Exercise goal.
When a line below contains the word "over", copy that line.

Study material.
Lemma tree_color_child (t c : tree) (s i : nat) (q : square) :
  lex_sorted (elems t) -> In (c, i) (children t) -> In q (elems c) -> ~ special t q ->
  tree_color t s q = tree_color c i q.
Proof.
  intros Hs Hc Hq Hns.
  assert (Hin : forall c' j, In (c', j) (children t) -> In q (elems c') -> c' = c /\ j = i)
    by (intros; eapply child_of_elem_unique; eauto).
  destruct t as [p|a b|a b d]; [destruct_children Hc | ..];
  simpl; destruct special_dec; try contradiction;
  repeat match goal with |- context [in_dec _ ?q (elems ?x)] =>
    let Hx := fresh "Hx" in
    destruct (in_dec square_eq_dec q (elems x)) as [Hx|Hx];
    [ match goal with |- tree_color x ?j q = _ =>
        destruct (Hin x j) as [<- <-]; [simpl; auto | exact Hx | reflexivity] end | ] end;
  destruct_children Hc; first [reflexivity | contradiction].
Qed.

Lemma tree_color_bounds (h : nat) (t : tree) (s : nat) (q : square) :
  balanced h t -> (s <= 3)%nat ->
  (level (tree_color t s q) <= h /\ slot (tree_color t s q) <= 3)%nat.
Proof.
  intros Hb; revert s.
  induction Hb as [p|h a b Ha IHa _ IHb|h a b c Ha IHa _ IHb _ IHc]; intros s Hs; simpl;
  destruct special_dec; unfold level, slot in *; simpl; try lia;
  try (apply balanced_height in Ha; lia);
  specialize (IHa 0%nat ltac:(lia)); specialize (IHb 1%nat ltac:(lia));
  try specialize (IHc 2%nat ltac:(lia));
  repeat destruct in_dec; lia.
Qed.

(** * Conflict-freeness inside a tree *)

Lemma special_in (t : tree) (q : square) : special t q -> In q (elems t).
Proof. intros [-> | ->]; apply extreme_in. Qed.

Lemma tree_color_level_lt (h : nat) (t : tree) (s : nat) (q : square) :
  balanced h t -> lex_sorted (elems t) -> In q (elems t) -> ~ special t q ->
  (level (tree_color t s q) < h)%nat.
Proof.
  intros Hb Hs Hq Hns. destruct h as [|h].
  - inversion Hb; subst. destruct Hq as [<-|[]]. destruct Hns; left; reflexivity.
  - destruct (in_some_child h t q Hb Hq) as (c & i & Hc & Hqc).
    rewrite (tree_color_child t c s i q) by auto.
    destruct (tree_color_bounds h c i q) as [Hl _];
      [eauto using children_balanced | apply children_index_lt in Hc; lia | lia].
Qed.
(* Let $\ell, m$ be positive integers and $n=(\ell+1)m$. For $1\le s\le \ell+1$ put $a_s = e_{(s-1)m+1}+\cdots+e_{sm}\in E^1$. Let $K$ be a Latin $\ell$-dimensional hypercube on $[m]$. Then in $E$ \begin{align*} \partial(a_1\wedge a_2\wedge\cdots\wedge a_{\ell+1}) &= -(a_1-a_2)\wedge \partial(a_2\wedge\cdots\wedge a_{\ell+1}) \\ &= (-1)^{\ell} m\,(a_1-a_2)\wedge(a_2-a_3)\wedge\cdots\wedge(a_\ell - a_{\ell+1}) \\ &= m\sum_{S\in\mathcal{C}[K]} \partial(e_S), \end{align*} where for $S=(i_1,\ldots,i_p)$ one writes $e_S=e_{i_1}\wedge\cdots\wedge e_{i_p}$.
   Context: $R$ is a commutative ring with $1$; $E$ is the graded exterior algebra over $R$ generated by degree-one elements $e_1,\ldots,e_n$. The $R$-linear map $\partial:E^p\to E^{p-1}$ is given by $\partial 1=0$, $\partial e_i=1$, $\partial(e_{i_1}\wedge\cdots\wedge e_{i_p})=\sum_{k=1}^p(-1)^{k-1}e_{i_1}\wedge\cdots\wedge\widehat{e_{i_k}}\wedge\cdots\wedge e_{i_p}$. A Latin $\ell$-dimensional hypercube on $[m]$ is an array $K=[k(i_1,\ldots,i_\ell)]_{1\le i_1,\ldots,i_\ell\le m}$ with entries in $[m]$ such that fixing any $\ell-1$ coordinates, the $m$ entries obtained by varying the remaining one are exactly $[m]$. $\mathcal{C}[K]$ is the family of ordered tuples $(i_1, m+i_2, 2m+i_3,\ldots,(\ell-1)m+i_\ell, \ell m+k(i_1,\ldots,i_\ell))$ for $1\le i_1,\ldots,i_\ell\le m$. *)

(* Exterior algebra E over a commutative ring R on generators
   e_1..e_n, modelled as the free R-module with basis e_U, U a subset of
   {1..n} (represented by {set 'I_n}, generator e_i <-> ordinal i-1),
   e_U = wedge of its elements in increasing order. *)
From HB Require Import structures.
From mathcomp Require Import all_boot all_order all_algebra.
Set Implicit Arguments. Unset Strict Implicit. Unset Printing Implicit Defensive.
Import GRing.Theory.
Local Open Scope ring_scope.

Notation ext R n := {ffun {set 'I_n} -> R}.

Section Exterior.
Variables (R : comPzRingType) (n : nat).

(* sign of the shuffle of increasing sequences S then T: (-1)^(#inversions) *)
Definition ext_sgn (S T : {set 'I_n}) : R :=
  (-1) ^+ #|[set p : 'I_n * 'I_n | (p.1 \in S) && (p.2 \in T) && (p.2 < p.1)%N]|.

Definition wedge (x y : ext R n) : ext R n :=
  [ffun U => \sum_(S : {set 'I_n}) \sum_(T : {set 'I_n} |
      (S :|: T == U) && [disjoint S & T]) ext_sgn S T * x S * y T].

Result for this exercise.
   Context: $R$ is a commutative ring with $1$; $E$ is the graded exterior algebra over $R$ generated by degree-one elements $e_1,\ldots,e_n$. The $R$-linear map $\partial:E^p\to E^{p-1}$ is given by $\partial 1=0$, $\partial e_i=1$, $\partial(e_{i_1}\wedge\cdots\wedge e_{i_p})=\sum_{k=1}^p(-1)^{k-1}e_{i_1}\wedge\cdots\wedge\widehat{e_{i_k}}\wedge\cdots\wedge e_{i_p}$. A Latin $\ell$-dimensional hypercube on $[m]$ is an array $K=[k(i_1,\ldots,i_\ell)]_{1\le i_1,\ldots,i_\ell\le m}$ with entries in $[m]$ such that fixing any $\ell-1$ coordinates, the $m$ entries obtained by varying the remaining one are exactly $[m]$. $\mathcal{C}[K]$ is the family of ordered tuples $(i_1, m+i_2, 2m+i_3,\ldots,(\ell-1)m+i_\ell, \ell m+k(i_1,\ldots,i_\ell))$ for $1\le i_1,\ldots,i_\ell\le m$. *)
(* Exterior algebra E over a commutative ring R on generators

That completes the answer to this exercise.